**** Recorded information ****

Lemma weights_law_sum1 n K (mu : 'I_K -> R) :
  \sum_j mu j = 1 -> \sum_(r : weights n K) weights_law mu r = 1.
Proof.
move=> mu1; rewrite /weights_law -(bigA_distr_bigA (fun (i : 'I_n) j => mu j)) /=.
by rewrite big1 // => i _; rewrite mu1.
Qed.

Lemma init_law_sum1 n (theta : R) : \sum_(x : config n) init_law theta x = 1.
Proof.
rewrite /init_law -(bigA_distr_bigA (fun (i : 'I_n) (s : 'I_3) =>
  if s == sI then theta else if s == sS then 1 - theta else 0)) /=.
by rewrite big1 // => i _; rewrite !big_ord_recl big_ord0 /= !addr0 subrK.
Qed.

End MarginalLaws.

Section SIRModel.
Variables (R : realType) (d : measure_display) (Omega : measurableType d).
Variables (P : probability Omega R) (n K : nat) (lam p theta : R) (q mu : 'I_K -> R).
Variables (G : Omega -> graph n) (rho : Omega -> weights n K) (X : Omega -> R -> config n).
Hypothesis model : is_SIR_model P lam p theta q mu G rho X.

Lemma measurable_state_fiber u (z : graph n * weights n K * config n) :
  measurable [set w | (G w, rho w, X w u) = z].
Proof.
case: model => mG [mrho mX] _ _ _; case: z => [[a r] x].
have -> : [set w | (G w, rho w, X w u) = (a, r, x)]
    = [set w | G w = a] `&` [set w | rho w = r] `&` [set w | X w u = x].
  apply/seteqP; split => w /=; first by case=> -> -> ->.
  by case=> -[-> ->] ->.
by apply: measurableI; [apply: measurableI|].
Qed.

Lemma measurable_exists_state (B : pred (graph n * weights n K * config n)) t :
  0 <= t -> measurable [set w | exists2 u, 0 <= u <= t & B (G w, rho w, X w u)].
Proof.
apply: (measurable_exists_itv (Z := fun w u => (G w, rho w, X w u))).
  exact: measurable_state_fiber.
case: model => _ _ Xright _ _ w s s0; have [e [e0 Xconst]] := Xright w s s0.
by exists e; split => // u su; rewrite Xconst.
Qed.

(* The graph is G(n,p): sum the joint law at time 0 over weights and initial states. *)
Lemma SIR_graph_event_le (A : pred (graph n)) : \sum_j mu j = 1 ->
  (P [set w | A (G w)] <= (\sum_(a | A a) ER_law p a)%:E)%E.
Proof.
case: model => _ _ _ _ law mu1.
pose cyl (z : graph n * weights n K * config n) := [set w | (G w, rho w, X w 0) = z].
have cylE z : P (cyl z) = (ER_law p z.1.1 * weights_law mu z.1.2 * init_law theta z.2)%:E.
  case: z => [[a r] x]; rewrite -[X in X%:E]mulr1 -(law a r x [::]) //.
  congr (P _); apply/seteqP; split => w; rewrite /cyl /=.
    by case=> -> -> ->.
  by case=> -> -> -> _.
apply: (@le_trans _ _ (P (\big[setU/set0]_(z | A z.1.1) cyl z))).
  apply: le_measure; rewrite ?inE.
  - by apply: measurable_pred_fiber; case: model.
  - by apply: bigsetU_measurable => z _; exact: measurable_state_fiber.
  - move=> w Aw; rewrite -bigcup_seq_cond.
    by exists (G w, rho w, X w 0) => //=; rewrite mem_index_enum.
apply: le_trans (measure_bigsetU_le _ _ _ (measurable_state_fiber 0)) _.
rewrite (eq_bigr _ (fun z _ => cylE z)) sumEFin lee_fin.
pose F (a : graph n) (r : weights n K) (x : config n) : R :=
  if A a then ER_law p a * weights_law mu r * init_law theta x else 0.
rewrite big_mkcond -(pair_bigA _ (fun ar : graph n * weights n K => F ar.1 ar.2)).
rewrite -(pair_bigA _ (fun a r => \sum_x F a r x)) /=.
rewrite [leRHS]big_mkcond; apply: ler_sum => a _; rewrite /F.
case: ifP => _; last by rewrite !big1.
rewrite -[leRHS]mulr1 -(weights_law_sum1 n mu1) mulr_sumr; apply: ler_sum => r _.
by rewrite -mulr_sumr init_law_sum1 mulr1.
Qed.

****

[Task statement] All records are to be restated exactly, from the first line to the last line.

[Reply]
Lemma weights_law_sum1 n K (mu : 'I_K -> R) :
  \sum_j mu j = 1 -> \sum_(r : weights n K) weights_law mu r = 1.
Proof.
move=> mu1; rewrite /weights_law -(bigA_distr_bigA (fun (i : 'I_n) j => mu j)) /=.
by rewrite big1 // => i _; rewrite mu1.
Qed.

Lemma init_law_sum1 n (theta : R) : \sum_(x : config n) init_law theta x = 1.
Proof.
rewrite /init_law -(bigA_distr_bigA (fun (i : 'I_n) (s : 'I_3) =>
  if s == sI then theta else if s == sS then 1 - theta else 0)) /=.
by rewrite big1 // => i _; rewrite !big_ord_recl big_ord0 /= !addr0 subrK.
Qed.

End MarginalLaws.

Section SIRModel.
Variables (R : realType) (d : measure_display) (Omega : measurableType d).
Variables (P : probability Omega R) (n K : nat) (lam p theta : R) (q mu : 'I_K -> R).
Variables (G : Omega -> graph n) (rho : Omega -> weights n K) (X : Omega -> R -> config n).
Hypothesis model : is_SIR_model P lam p theta q mu G rho X.

Lemma measurable_state_fiber u (z : graph n * weights n K * config n) :
  measurable [set w | (G w, rho w, X w u) = z].
Proof.
case: model => mG [mrho mX] _ _ _; case: z => [[a r] x].
have -> : [set w | (G w, rho w, X w u) = (a, r, x)]
    = [set w | G w = a] `&` [set w | rho w = r] `&` [set w | X w u = x].
  apply/seteqP; split => w /=; first by case=> -> -> ->.
  by case=> -[-> ->] ->.
by apply: measurableI; [apply: measurableI|].
Qed.

Lemma measurable_exists_state (B : pred (graph n * weights n K * config n)) t :
  0 <= t -> measurable [set w | exists2 u, 0 <= u <= t & B (G w, rho w, X w u)].
Proof.
apply: (measurable_exists_itv (Z := fun w u => (G w, rho w, X w u))).
  exact: measurable_state_fiber.
case: model => _ _ Xright _ _ w s s0; have [e [e0 Xconst]] := Xright w s s0.
by exists e; split => // u su; rewrite Xconst.
Qed.

(* The graph is G(n,p): sum the joint law at time 0 over weights and initial states. *)
Lemma SIR_graph_event_le (A : pred (graph n)) : \sum_j mu j = 1 ->
  (P [set w | A (G w)] <= (\sum_(a | A a) ER_law p a)%:E)%E.
Proof.
case: model => _ _ _ _ law mu1.
pose cyl (z : graph n * weights n K * config n) := [set w | (G w, rho w, X w 0) = z].
have cylE z : P (cyl z) = (ER_law p z.1.1 * weights_law mu z.1.2 * init_law theta z.2)%:E.
  case: z => [[a r] x]; rewrite -[X in X%:E]mulr1 -(law a r x [::]) //.
  congr (P _); apply/seteqP; split => w; rewrite /cyl /=.
    by case=> -> -> ->.
  by case=> -> -> -> _.
apply: (@le_trans _ _ (P (\big[setU/set0]_(z | A z.1.1) cyl z))).
  apply: le_measure; rewrite ?inE.
  - by apply: measurable_pred_fiber; case: model.
  - by apply: bigsetU_measurable => z _; exact: measurable_state_fiber.
  - move=> w Aw; rewrite -bigcup_seq_cond.
    by exists (G w, rho w, X w 0) => //=; rewrite mem_index_enum.
apply: le_trans (measure_bigsetU_le _ _ _ (measurable_state_fiber 0)) _.
rewrite (eq_bigr _ (fun z _ => cylE z)) sumEFin lee_fin.
pose F (a : graph n) (r : weights n K) (x : config n) : R :=
  if A a then ER_law p a * weights_law mu r * init_law theta x else 0.
rewrite big_mkcond -(pair_bigA _ (fun ar : graph n * weights n K => F ar.1 ar.2)).
rewrite -(pair_bigA _ (fun a r => \sum_x F a r x)) /=.
rewrite [leRHS]big_mkcond; apply: ler_sum => a _; rewrite /F.
case: ifP => _; last by rewrite !big1.
rewrite -[leRHS]mulr1 -(weights_law_sum1 n mu1) mulr_sumr; apply: ler_sum => r _.
by rewrite -mulr_sumr init_law_sum1 mulr1.
Qed.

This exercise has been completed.